AMD Phenom X4 9950 BE
3 GB DDR2 800 MHz
DFi Lanparty DK 790FX-M2RS
Geforce 7950 GX2
Creative Soundblaster X-Fi
KillerNIC M1
Corsair HX1000W
Windows 7 Ultimate x64

Wisst ihr, woran es liegen könnte?

Gruß: Derber-Shit


----------



## mikee (4. Januar 2010)

Ja das hatte ich auch.
Nur stellt ich dann fest, dass das Update für Dirt1 war und nicht 2.
Vielleicht ist bei dir dassebe.


----------



## HolySh!t (4. Januar 2010)

mikee schrieb:


> Ja das hatte ich auch.
> Nur stellt ich dann fest, dass das Update für Dirt1 war und nicht 2.
> Vielleicht ist bei dir dassebe.


Ach du auch


----------



## Freeak (13. Januar 2010)

Für Dirt 2 gibt es noch gar keinen Patch, Mensch Leute ist bei einem so sauber Programmierten Titel auch gar nicht Nötig.


----------



## mikee (17. Januar 2010)

Leider hats einen schlimmen Bug.
Mit meinem Simulator crashen bestimmte Events.
Ist bei allen andern Usern auch so, im X-Sim forum ist desshalb der teufellos.
Dirt2 ist dadurch bei mir gar nicht mehr spielbar.
Ein Patch muss dringend her.
Habe ein X-Game Event gestartet,  man muss aber alle Tracks beenden,
leider ist das wegen des besagten Bugs bei mir nicht möglich.
Müsste vermutlich sogar Windows neu aufsetzen das Dirt2 wieder laufen würde.


----------



## moe (17. Januar 2010)

@Derber-Shit: gehts denn ohne patch? wenn ja, warum willst du dann den patch überhaupt installieren?


----------



## theo8888 (18. Januar 2010)

Ich habe ein anderes problem und zwar, dass ich die stimmen der anderen fahrer nicht höre.
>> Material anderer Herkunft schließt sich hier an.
(* Let $q$ be a prime power, $n\ge 2$, $K=\mathbb{F}_{q^n}$, $d=\frac{q^n-1}{q-1}$. The function fields $E_{1,\mathrm{Kum}}=K(x,y)$ with $y^d=s_{n,1}(x)$ and $E_{n-1,\mathrm{Kum}}=K(x,y)$ with $y^d=s_{n,n-1}(x)$ are both isomorphic over $K$ to the trace-norm function field $E_n=K(x,y)$ with $y^{q^{n-1}}+\dots+y^q+y=x^{1+q+\dots+q^{n-1}}$.
   Context: For a prime power $q$ and integers $n\ge 1$, $0\le i\le n$, the $i$-th $(n,q)$-elementary symmetric polynomial is $s_{n,i}(t)=\sum_{0\le j_1<\dots<j_i\le n-1} t^{q^{j_1}+\dots+q^{j_i}}\in\mathbb{F}_p[t]$; $s_{n,1}$ is the trace $\sum_{j=0}^{n-1}t^{q^j}$. *)

From HB Require Import structures.
From mathcomp Require Import all_boot all_algebra all_field.
Set Implicit Arguments. Unset Strict Implicit. Unset Printing Implicit Defensive.
Import GRing.Theory.
Local Open Scope ring_scope.

Definition sym_q (R : nzRingType) (q n i : nat) : {poly R} :=
  \sum_(S : {set 'I_n} | #|S| == i) 'X^(\sum_(j in S) q ^ j)%N.

(* Evaluation of a bivariate polynomial P(x,y) in {poly {poly K}} (outer variable y,
   coefficients in K[x]) at (x,y) in a field F containing K via phi. *)
Definition eval2 (K F : fieldType) (phi : {rmorphism K -> F})
    (P : {poly {poly K}}) (x y : F) : F :=
  (map_poly (fun c : {poly K} => (map_poly phi c).[x]) P).[y].

(* (F, phi, x, y) is a presentation of the function field K(x,y) with f(x,y)=0:
   x transcendental over K, f(x,y) = 0, and F = K(x,y) (generated by x,y). *)
Definition is_function_field (K F : fieldType) (phi : {rmorphism K -> F})
    (f : {poly {poly K}}) (x y : F) : Prop :=
  [/\ (forall p : {poly K}, p != 0 -> (map_poly phi p).[x] != 0),
      eval2 phi f x y = 0 &
      (forall z : F, exists P Q : {poly {poly K}},
          eval2 phi Q x y != 0 /\ z = eval2 phi P x y / eval2 phi Q x y)].

Definition K_isomorphic (K F1 F2 : fieldType) (phi1 : {rmorphism K -> F1})
    (phi2 : {rmorphism K -> F2}) : Prop :=
  exists sigma : {rmorphism F1 -> F2},
    bijective sigma /\ forall c : K, sigma (phi1 c) = phi2 c.

Definition kummer_poly (K : fieldType) (q n i : nat) : {poly {poly K}} :=
  'X^((q ^ n - 1) %/ (q - 1)) - (sym_q K q n i)%:P.

Definition trace_norm_poly (K : fieldType) (q n : nat) : {poly {poly K}} :=
  \sum_(j < n) 'X^(q ^ j) - ('X^(\sum_(j < n) q ^ j)%N)%:P.

(* Each of the three fields is K(t, z) for some t transcendental over K and
   some z with z^d = t u(t), where t u(t) = s_{n,1}(t) and u(0) = 1.  For the
   Kummer field with s_{n,1} take (t, z) = (x, y); for the one with s_{n,n-1}
   take (t, z) = (1/x, y/x), because s_{n,n-1}(x) / x^d = s_{n,1}(1/x); for the
   trace-norm field take (t, z) = (y, x), where y is transcendental since x is
   transcendental and x^d lies in K[y].  As Y^d - t u(t) is Eisenstein at t,
   the kernel of the evaluation K[t][Y] -> K(t, z) is the ideal it generates,
   so any two such fields are fraction fields of the same quotient ring and
   hence K-isomorphic. *)

From HB Require Import structures.
From mathcomp Require Import all_boot all_algebra all_field.
From mathcomp Require Import ring.
Set Implicit Arguments. Unset Strict Implicit. Unset Printing Implicit Defensive.
Import GRing.Theory.
Local Open Scope ring_scope.

Definition in_frac (A : nzRingType) (F : fieldType) (E : A -> F) (z : F) : Prop :=
  exists P Q, E Q != 0 /\ z = E P / E Q.

Section FracClosure.

Variables (A : nzRingType) (F : fieldType) (E : {rmorphism A -> F}).

Lemma in_frac_rmorph a : in_frac E (E a).
Proof. by exists a, 1; rewrite rmorph1 divr1 oner_eq0. Qed.

Lemma in_fracD a b : in_frac E a -> in_frac E b -> in_frac E (a + b).
Proof.
move=> [P [Q [nzQ ->]]] [P' [Q' [nzQ' ->]]].
exists (P * Q' + P' * Q), (Q * Q'); rewrite rmorphM mulf_neq0 //.
by rewrite addf_div // rmorphD !rmorphM.
Qed.

Lemma in_fracM a b : in_frac E a -> in_frac E b -> in_frac E (a * b).
Proof.
move=> [P [Q [nzQ ->]]] [P' [Q' [nzQ' ->]]].
by exists (P * P'), (Q * Q'); rewrite !rmorphM mulf_neq0 // mulf_div.
Qed.

Lemma in_frac_div a b : in_frac E a -> in_frac E b -> b != 0 -> in_frac E (a / b).
Proof.
move=> [P [Q [nzQ ->]]] [P' [Q' [nzQ' ->]]].
rewrite mulf_eq0 invr_eq0 negb_or => /andP[nzP' _].
by exists (P * Q'), (Q * P'); rewrite !rmorphM mulf_neq0 // invf_div mulf_div.
Qed.

End FracClosure.

Section FracTransfer.

Variables (A : nzRingType) (F1 F2 : fieldType).
Variables (E1 : {rmorphism A -> F1}) (E2 : {rmorphism A -> F2}).
Hypothesis kerE : forall a, (E1 a == 0) = (E2 a == 0).

Lemma frac_eqE a b : (E1 a == E1 b) = (E2 a == E2 b).
Proof. by rewrite -subr_eq0 -rmorphB kerE rmorphB subr_eq0. Qed.

Lemma frac_transfer : (forall z, in_frac E1 z) ->
  exists f : F1 -> F2, forall P Q, E1 Q != 0 -> f (E1 P / E1 Q) = E2 P / E2 Q.
Proof.
move=> genF1.
have pairP z : exists PQ : A * A, (E1 PQ.2 != 0) && (z == E1 PQ.1 / E1 PQ.2).
  by have [P [Q [nzQ ->]]] := genF1 z; exists (P, Q); rewrite nzQ eqxx.
exists (fun z => let PQ := xchoose (pairP z) in E2 PQ.1 / E2 PQ.2) => P Q nzQ /=.
case/andP: (xchooseP (pairP (E1 P / E1 Q))); set PQ := xchoose _ => nzQ' eqPQ.
have nz2 a : E1 a != 0 -> E2 a != 0 by rewrite kerE.
apply/esym/eqP; rewrite eqr_div ?nz2 // -!rmorphM -frac_eqE !rmorphM.
by rewrite -eqr_div // eq_sym.
Qed.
Oben links in der Ecke erscheint immer der Kopf von dem Fahrer oder der Fahrerin die gerade spricht aber der sound wird einfach nicht abgespielt...Der sound vom spiel ist aber ganz normal es sind halt nur die Stimmen. Wenn ich das spiel ein paar mal neu starte gehts dann meistens nach dem zehnten mal oder so aber es nervt einfach. Hat vll jemand das gleiche problem und eine lösung?


----------



## xXxatrush1987 (18. Januar 2010)

moin,

@theo8888:

vielleicht hilft es ja bei dir wenn du das mitinstallierte soundtool konfigurierst.
Rapture 3d heißt es und ist von blue ripple sound. das tool wird automatisch mitinstalliert bei dirt 2 und sorgt dafür das man schönen openal sound hat.
einfach mal mit den settings da probieren.

mfg


----------



## HolySh!t (18. Januar 2010)

theo8888 schrieb:


> Ich habe ein anderes problem und zwar, dass ich die stimmen der anderen fahrer nicht höre. Oben links in der Ecke erscheint immer der Kopf von dem Fahrer oder der Fahrerin die gerade spricht aber der sound wird einfach nicht abgespielt...Der sound vom spiel ist aber ganz normal es sind halt nur die Stimmen. Wenn ich das spiel ein paar mal neu starte gehts dann meistens nach dem zehnten mal oder so aber es nervt einfach. Hat vll jemand das gleiche problem und eine lösung?


Das ,,Problem´´ hab ich auch, bei mir is das immer von Renne zu Renne  unterschiedlich, aber mich stört es net.
Da Sprüche kennt man nach ner Zeit eh auswendig


----------



## smirking-joe88 (20. Januar 2010)

so weit ich weiß gibts für dirt2 bisweilen noch keinen patch und auf der codemasters seite wird auch nichts dementsprechendes angekündigt


----------